▶ Aim of the task
Treat the line containing "R) (eps : R)." as the last one, and return every line exactly from the first line of the material below up to it.
[Opening Record excerpts section]
(* Consider the asynchronous Sinkhorn iteration described in the context, started from any $v^{(0)}\in\mathbb R_{++}^Y$. Then: (i) $u^{(\ell)}$ and $\alpha^{(\ell)}=\varepsilon\log u^{(\ell)}$ are (componentwise) nondecreasing in $\ell$, $v^{(\ell)}$ and $\beta^{(\ell)}=\varepsilon\log v^{(\ell)}$ are nonincreasing in $\ell$, and $q^{(\ell)}$ is nondecreasing in $\ell$; (ii) for every $\ell\ge1$, $\sum_y\pi^{(\ell)}(x,y)\le\mu(x)$ for all $x$ and $\sum_x\pi^{(\ell)}(x,y)\le\nu(y)$ for all $y$; (iii) there exists $y^*\in Y$ with $v^{(\ell)}(y^* )=v^{(0)}(y^* )$ for all $\ell$.
   Context: $X,Y$ finite sets, $\mu\in\mathcal P(X)$, $\nu\in\mathcal P(Y)$ with strictly positive entries, $c\in\mathbb R_+^{X\times Y}$, $\varepsilon>0$, and kernel $K(x,y)=\exp(-c(x,y)/\varepsilon)\mu(x)\nu(y)$. The asynchronous Sinkhorn iteration: given $v^{(0)}\in\mathbb R_{++}^Y$, for $\ell\ge0$ set $u^{(\ell+1)}=\mu\oslash(Kv^{(\ell)})$, $\hat v^{(\ell+1)}=\nu\oslash(K^\top u^{(\ell+1)})$, $v^{(\ell+1)}=\min\{v^{(\ell)},\hat v^{(\ell+1)}\}$ (componentwise minimum), $\pi^{(\ell+1)}=\mathrm{diag}(u^{(\ell+1)})K\mathrm{diag}(v^{(\ell+1)})$, $q^{(\ell+1)}=\sum_{x,y}\pi^{(\ell+1)}(x,y)$. Here $\oslash$ is componentwise division. *)

From HB Require Import structures.
From mathcomp Require Import all_boot all_order all_algebra.
From mathcomp Require Import all_classical all_reals all_analysis.
Set Implicit Arguments. Unset Strict Implicit. Unset Printing Implicit Defensive.
Import Order.TTheory GRing.Theory Num.Theory.
Local Open Scope ring_scope.

Section Sinkhorn.
Variables (R : realType) (X Y : finType).
Variables (mu : X -> R) (nu : Y -> R) (c : X -> Y -> R) (eps : R).

Definition kernel (x : X) (y : Y) : R := expR (- c x y / eps) * mu x * nu y.

Definition u_of (v : Y -> R) : X -> R :=
  fun x => mu x / \sum_(y : Y) kernel x y * v y.

Definition vhat_of (u : X -> R) : Y -> R :=
  fun y => nu y / \sum_(x : X) kernel x y * u x.

Variable v0 : Y -> R.

Fixpoint async_v (l : nat) : Y -> R :=
  match l with
  | 0 => v0
  | l'.+1 => fun y => Num.min (async_v l' y) (vhat_of (u_of (async_v l')) y)
  end.

(* u^(l) for l >= 1: u^(l) = mu ./ (K v^(l-1)); async_u 0 is meaningless *)
Definition async_u (l : nat) : X -> R := u_of (async_v l.-1).

Definition async_pi (l : nat) (x : X) (y : Y) : R :=
  async_u l x * kernel x y * async_v l y.

Definition async_q (l : nat) : R := \sum_(x : X) \sum_(y : Y) async_pi l x y.

End Sinkhorn.

From Pilot Require Import Defs.
From HB Require Import structures.
From mathcomp Require Import all_boot all_order all_algebra.
From mathcomp Require Import all_classical all_reals all_analysis.
Import Order.TTheory GRing.Theory Num.Theory.
Set Implicit Arguments. Unset Strict Implicit. Unset Printing Implicit Defensive.
Local Open Scope ring_scope.

(* u = mu ./ (K v) is antitone in v and vhat = nu ./ (K^T u) is
   antitone in u, so the decrease of v (forced by the min) makes u increase.
   Once a coordinate v(y) has left v0(y), it equals vhat(y): the column y is
   saturated, and it stays so because vhat only decreases.  If at some step all
   coordinates had moved, the total mass would be sum nu = sum mu, while every
   row marginal is strictly below mu, as the coordinate that was still at v0
   has strictly decreased.  So each v^(l) keeps some coordinate at v0; these
   coordinate sets decrease with l, and a decreasing sequence of nonempty
   subsets of a finite set has a common element. *)

Lemma inhabited_of_sum_neq0 (R : nmodType) (T : finType) (F : T -> R) :
  \sum_(i : T) F i != 0 -> inhabited T.
Proof.
case: (pickP T) => [i _ _ | T0]; first exact: inhabits.
by rewrite big_pred0 ?eqxx.
Qed.

Lemma sumr_gt0 (R : numDomainType) (T : finType) (i0 : T) (F : T -> R) :
  (forall i, 0 < F i) -> 0 < \sum_(i : T) F i.
Proof.
move=> F_gt0; rewrite (bigD1 i0) //= ltr_pwDl // sumr_ge0 // => i _.
exact: ltW.
Qed.

Lemma antitone_nonempty_common (T : finType) (P : nat -> T -> Prop) :
  (forall l i, P l.+1 i -> P l i) -> (forall l, exists i, P l i) ->
  exists i, forall l, P l i.
Proof.
move=> P_antitone P_nonempty; apply: contrapT => /forallNP no_common.
have /choice[leave leaveP] : forall i, exists l, ~ P l i.
  by move=> i; apply/existsNP; exact: no_common.
have P_down k n i : (k <= n)%N -> P n i -> P k i.
  elim: n => [|n IHn]; first by rewrite leqn0 => /eqP->.
  by rewrite leq_eqVlt ltnS => /predU1P[-> // | /IHn down] /P_antitone.
have [i Pi] := P_nonempty (\max_(j : T) leave j)%N.
exact/(leaveP i)/(P_down _ _ _ (leq_bigmax i)).
Qed.

Lemma ler_pM_ln (R : realType) (eps a b : R) :
  0 <= eps -> 0 < a -> a <= b -> eps * ln a <= eps * ln b.
Proof.
move=> eps_ge0 a_gt0 a_le_b.
apply: ler_wpM2l => //.
by rewrite ler_ln ?posrE // (lt_le_trans a_gt0).
Qed.

Section AsyncSinkhorn.
Variables (R : realType) (X Y : finType).
Variables (mu : X -> R) (nu : Y -> R) (c : X -> Y -> R) (eps : R) (v0 : Y -> R).
Hypotheses (mu_gt0 : forall x, 0 < mu x) (nu_gt0 : forall y, 0 < nu y).
Hypothesis v0_gt0 : forall y, 0 < v0 y.
Variables (x0 : X) (y0 : Y).

Local Notation K := (Defs.kernel mu nu c eps).
Local Notation uof := (u_of mu nu c eps).
Local Notation vhat := (vhat_of mu nu c eps).
Local Notation v := (async_v mu nu c eps v0).
Local Notation pi := (async_pi mu nu c eps v0).
Local Notation Kv w x := (\sum_(y : Y) K x y * w y).
Local Notation KTu w y := (\sum_(x : X) K x y * w x).

Lemma kernel_gt0 x y : 0 < K x y.
Proof. by rewrite /Defs.kernel !mulr_gt0 ?expR_gt0. Qed.

Lemma Kv_gt0 w : (forall y, 0 < w y) -> forall x, 0 < Kv w x.
Proof. by move=> w_gt0 x; apply: (sumr_gt0 y0) => y; rewrite mulr_gt0 ?kernel_gt0. Qed.

Lemma KTu_gt0 w : (forall x, 0 < w x) -> forall y, 0 < KTu w y.
Proof. by move=> w_gt0 y; apply: (sumr_gt0 x0) => x; rewrite mulr_gt0 ?kernel_gt0. Qed.

Lemma ler_Kv w1 w2 : (forall y, w1 y <= w2 y) -> forall x, Kv w1 x <= Kv w2 x.
Proof. by move=> le_w x; apply: ler_sum => y _; rewrite ler_pM2l ?kernel_gt0. Qed.

Lemma ler_KTu w1 w2 : (forall x, w1 x <= w2 x) -> forall y, KTu w1 y <= KTu w2 y.
Proof. by move=> le_w y; apply: ler_sum => x _; rewrite ler_pM2l ?kernel_gt0. Qed.

Lemma u_of_gt0 w : (forall y, 0 < w y) -> forall x, 0 < uof w x.
Proof. by move=> w_gt0 x; rewrite divr_gt0 ?Kv_gt0. Qed.

Lemma vhat_of_gt0 w : (forall x, 0 < w x) -> forall y, 0 < vhat w y.
Proof. by move=> w_gt0 y; rewrite divr_gt0 ?KTu_gt0. Qed.

Lemma u_ofK w : (forall y, 0 < w y) -> forall x, uof w x * Kv w x = mu x.
Proof. by move=> w_gt0 x; rewrite divfK // gt_eqF ?Kv_gt0. Qed.

Lemma vhat_ofK w : (forall x, 0 < w x) -> forall y, vhat w y * KTu w y = nu y.
Proof. by move=> w_gt0 y; rewrite divfK // gt_eqF ?KTu_gt0. Qed.

Lemma u_of_antitone w1 w2 : (forall y, 0 < w1 y) -> (forall y, w1 y <= w2 y) ->
  forall x, uof w2 x <= uof w1 x.
Proof.
move=> w1_gt0 le_w x; have w2_gt0 y := lt_le_trans (w1_gt0 y) (le_w y).
by rewrite ler_pM2l // lef_pV2 ?posrE ?Kv_gt0 ?ler_Kv.
Qed.

Lemma vhat_of_antitone w1 w2 : (forall x, 0 < w1 x) -> (forall x, w1 x <= w2 x) ->
  forall y, vhat w2 y <= vhat w1 y.
Proof.
move=> w1_gt0 le_w y; have w2_gt0 x := lt_le_trans (w1_gt0 x) (le_w x).
by rewrite ler_pM2l // lef_pV2 ?posrE ?KTu_gt0 ?ler_KTu.
Qed.

Lemma async_vS l y : v l.+1 y = Num.min (v l y) (vhat (uof (v l)) y).
Proof. by []. Qed.

Lemma async_v_gt0 l y : 0 < v l y.
Proof.
elim: l y => [|l IHl] y //.
by rewrite async_vS lt_min IHl vhat_of_gt0 // => x; apply: u_of_gt0.
Qed.

Lemma async_u_gt0 l x : 0 < uof (v l) x.
Proof. exact/u_of_gt0/async_v_gt0. Qed.

Lemma async_v_le_prev l y : v l.+1 y <= v l y.
Proof. by rewrite async_vS ge_min lexx. Qed.

Lemma async_v_le_vhat l y : v l.+1 y <= vhat (uof (v l)) y.
Proof. by rewrite async_vS ge_min lexx orbT. Qed.

Lemma async_v_antitone k l y : (k <= l)%N -> v l y <= v k y.
Proof. exact: (Order.NatMonotonyTheory.nonincnP (async_v_le_prev^~ y)). Qed.

Lemma async_v_fixed_prev l y : v l.+1 y = v0 y -> v l y = v0 y.
Proof.
move=> fixed; apply: le_anti; rewrite (async_v_antitone _ (leq0n l)) /=.
by rewrite -[X in X <= _]fixed async_v_le_prev.
Qed.

Lemma async_u_le_next l x : uof (v l) x <= uof (v l.+1) x.
Proof. exact/u_of_antitone/async_v_le_prev/async_v_gt0. Qed.

Lemma async_pi_row l x : \sum_(y : Y) pi l.+1 x y = uof (v l) x * Kv (v l.+1) x.
Proof. by rewrite mulr_sumr; apply: eq_bigr => y _; rewrite /async_pi mulrA. Qed.

Lemma async_pi_col l y : \sum_(x : X) pi l.+1 x y = KTu (uof (v l)) y * v l.+1 y.
Proof.
by rewrite mulr_suml; apply: eq_bigr => x _; rewrite /async_pi [_ * K x y]mulrC.
Qed.

Lemma async_pi_row_le l x : \sum_(y : Y) pi l.+1 x y <= mu x.
Proof.
rewrite async_pi_row -(u_ofK (@async_v_gt0 l) x).
by rewrite ler_pM2l ?async_u_gt0 // ler_Kv // => y; apply: async_v_le_prev.
Qed.

Lemma async_pi_col_le l y : \sum_(x : X) pi l.+1 x y <= nu y.
Proof.
rewrite async_pi_col -(vhat_ofK (@async_u_gt0 l) y) mulrC.
by rewrite ler_pM2r ?KTu_gt0 ?async_v_le_vhat // => x; apply: async_u_gt0.
Qed.

Lemma async_pi_col_le_next l y :
  \sum_(x : X) pi l.+1 x y <= \sum_(x : X) pi l.+2 x y.
Proof.
rewrite [in X in _ <= X]async_pi_col async_vS.
case: (leP (v l.+1 y) (vhat (uof (v l.+1)) y)) => _.
  rewrite async_pi_col ler_pM2r ?async_v_gt0 // ler_KTu // => x.
  exact: async_u_le_next.
by rewrite mulrC vhat_ofK ?async_pi_col_le // => x; apply: async_u_gt0.
Qed.

Lemma ltr_Kv w1 w2 y1 : (forall y, w1 y <= w2 y) -> w1 y1 < w2 y1 ->
  forall x, Kv w1 x < Kv w2 x.
Proof.
move=> le_w lt_w1 x; rewrite (bigD1 y1) //= [ltRHS](bigD1 y1) //=.
rewrite ltr_leD ?ltr_pM2l ?kernel_gt0 //.
by apply: ler_sum => y _; rewrite ler_pM2l ?kernel_gt0.
Qed.

Lemma async_pi_row_lt l y1 x : v l.+1 y1 < v l y1 -> \sum_(y : Y) pi l.+1 x y < mu x.
Proof.
move=> lt_v1; rewrite async_pi_row -(u_ofK (@async_v_gt0 l) x).
by rewrite ltr_pM2l ?async_u_gt0 // (ltr_Kv _ lt_v1) // => y; apply: async_v_le_prev.
Qed.

(* Once the min has selected [vhat] it keeps doing so, as [vhat] only decreases. *)
Lemma async_v_moved l y : v l.+1 y != v0 y -> v l.+1 y = vhat (uof (v l)) y.
Proof.
elim: l => [|l IHl]; rewrite async_vS.
  by case: leP => // _; rewrite eqxx.
case: (eqVneq (v l.+1 y) (v0 y)) => [-> | /IHl moved_before _].
  by case: leP => // _; rewrite eqxx.
rewrite min_r // moved_before vhat_of_antitone // => x.
  exact: async_u_gt0.
exact: async_u_le_next.
Qed.

Lemma async_pi_col_moved l y : v l.+1 y != v0 y -> \sum_(x : X) pi l.+1 x y = nu y.
Proof.
by move=> /async_v_moved moved; rewrite async_pi_col moved mulrC vhat_ofK // => x;
  apply: async_u_gt0.
Qed.

Hypothesis mass_balance : \sum_(x : X) mu x = \sum_(y : Y) nu y.

Lemma async_v_fixed_exists l : exists y, v l y = v0 y.
Proof.
elim: l => [|l [y1 fixed_y1]]; first by exists y0.
apply: contrapT => /forallNP all_moved.
have total_nu : \sum_(y : Y) \sum_(x : X) pi l.+1 x y = \sum_(y : Y) nu y.
  by apply: eq_bigr => y _; apply/async_pi_col_moved/eqP/all_moved.
have lt_y1 : v l.+1 y1 < v l y1.
  by rewrite lt_neqAle async_v_le_prev fixed_y1 andbT; apply/eqP/all_moved.
have : \sum_(x : X) \sum_(y : Y) pi l.+1 x y < \sum_(x : X) mu x.
  by apply: ltr_sum => [|x _]; [apply/hasP; exists x0 | exact: async_pi_row_lt lt_y1].
by rewrite exchange_big total_nu mass_balance ltxx.
Qed.

End AsyncSinkhorn.

Theorem mainTheorem3 (R : realType) (X Y : finType)
  (mu : X -> R) (nu : Y -> R) (c : X -> Y -> R) (eps : R) (v0 : Y -> R)
  (hmu_pos : forall x, 0 < mu x) (hmu_sum : \sum_(x : X) mu x = 1)
  (hnu_pos : forall y, 0 < nu y) (hnu_sum : \sum_(y : Y) nu y = 1)
  (hc : forall x y, 0 <= c x y) (heps : 0 < eps)
  (hv0 : forall y, 0 < v0 y) :
  let u := async_u mu nu c eps v0 in
  let v := async_v mu nu c eps v0 in
  let pi := async_pi mu nu c eps v0 in
  let q := async_q mu nu c eps v0 in
  (* (i) monotonicity *)
  ((forall l, (1 <= l)%N -> forall x,
      u l x <= u l.+1 x /\ eps * ln (u l x) <= eps * ln (u l.+1 x)) /\
   (forall l y, v l.+1 y <= v l y /\ eps * ln (v l.+1 y) <= eps * ln (v l y)) /\
   (forall l, (1 <= l)%N -> q l <= q l.+1)) /\
  (* (ii) marginal constraints *)
  (forall l, (1 <= l)%N ->
     (forall x, \sum_(y : Y) pi l x y <= mu x) /\
     (forall y, \sum_(x : X) pi l x y <= nu y)) /\
  (* (iii) a coordinate of v never moves *)
  (exists ystar : Y, forall l, v l ystar = v0 ystar).
Proof.
move=> u v pi q.
have [x0] : inhabited X by apply: (@inhabited_of_sum_neq0 _ _ mu); rewrite hmu_sum oner_eq0.
have [y0] : inhabited Y by apply: (@inhabited_of_sum_neq0 _ _ nu); rewrite hnu_sum oner_eq0.
have mass_balance : \sum_(x : X) mu x = \sum_(y : Y) nu y by rewrite hmu_sum hnu_sum.
split; [split; [|split] | split].
- case=> [//|l] _ x; have u_le : u l.+1 x <= u l.+2 x by apply: async_u_le_next.
  by split=> //; apply: (ler_pM_ln (ltW heps) _ u_le); apply: async_u_gt0.
- move=> l y; have v_le : v l.+1 y <= v l y by apply: async_v_le_prev.
  by split=> //; apply: (ler_pM_ln (ltW heps) _ v_le); apply: async_v_gt0.
- case=> [//|l] _; rewrite /q /async_q exchange_big [leRHS]exchange_big.
  by apply: ler_sum => y _; apply: async_pi_col_le_next.
- by case=> [//|l] _; split=> [x|y]; [apply: async_pi_row_le | apply: async_pi_col_le].
apply: antitone_nonempty_common => [l y|l]; first exact: async_v_fixed_prev.
exact: async_v_fixed_exists.
Qed.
[Closing Record excerpts section]
▶ Response
(* Consider the asynchronous Sinkhorn iteration described in the context, started from any $v^{(0)}\in\mathbb R_{++}^Y$. Then: (i) $u^{(\ell)}$ and $\alpha^{(\ell)}=\varepsilon\log u^{(\ell)}$ are (componentwise) nondecreasing in $\ell$, $v^{(\ell)}$ and $\beta^{(\ell)}=\varepsilon\log v^{(\ell)}$ are nonincreasing in $\ell$, and $q^{(\ell)}$ is nondecreasing in $\ell$; (ii) for every $\ell\ge1$, $\sum_y\pi^{(\ell)}(x,y)\le\mu(x)$ for all $x$ and $\sum_x\pi^{(\ell)}(x,y)\le\nu(y)$ for all $y$; (iii) there exists $y^*\in Y$ with $v^{(\ell)}(y^* )=v^{(0)}(y^* )$ for all $\ell$.
   Context: $X,Y$ finite sets, $\mu\in\mathcal P(X)$, $\nu\in\mathcal P(Y)$ with strictly positive entries, $c\in\mathbb R_+^{X\times Y}$, $\varepsilon>0$, and kernel $K(x,y)=\exp(-c(x,y)/\varepsilon)\mu(x)\nu(y)$. The asynchronous Sinkhorn iteration: given $v^{(0)}\in\mathbb R_{++}^Y$, for $\ell\ge0$ set $u^{(\ell+1)}=\mu\oslash(Kv^{(\ell)})$, $\hat v^{(\ell+1)}=\nu\oslash(K^\top u^{(\ell+1)})$, $v^{(\ell+1)}=\min\{v^{(\ell)},\hat v^{(\ell+1)}\}$ (componentwise minimum), $\pi^{(\ell+1)}=\mathrm{diag}(u^{(\ell+1)})K\mathrm{diag}(v^{(\ell+1)})$, $q^{(\ell+1)}=\sum_{x,y}\pi^{(\ell+1)}(x,y)$. Here $\oslash$ is componentwise division. *)

From HB Require Import structures.
From mathcomp Require Import all_boot all_order all_algebra.
From mathcomp Require Import all_classical all_reals all_analysis.
Set Implicit Arguments. Unset Strict Implicit. Unset Printing Implicit Defensive.
Import Order.TTheory GRing.Theory Num.Theory.
Local Open Scope ring_scope.

Section Sinkhorn.
Variables (R : realType) (X Y : finType).
Variables (mu : X -> R) (nu : Y -> R) (c : X -> Y -> R) (eps : R).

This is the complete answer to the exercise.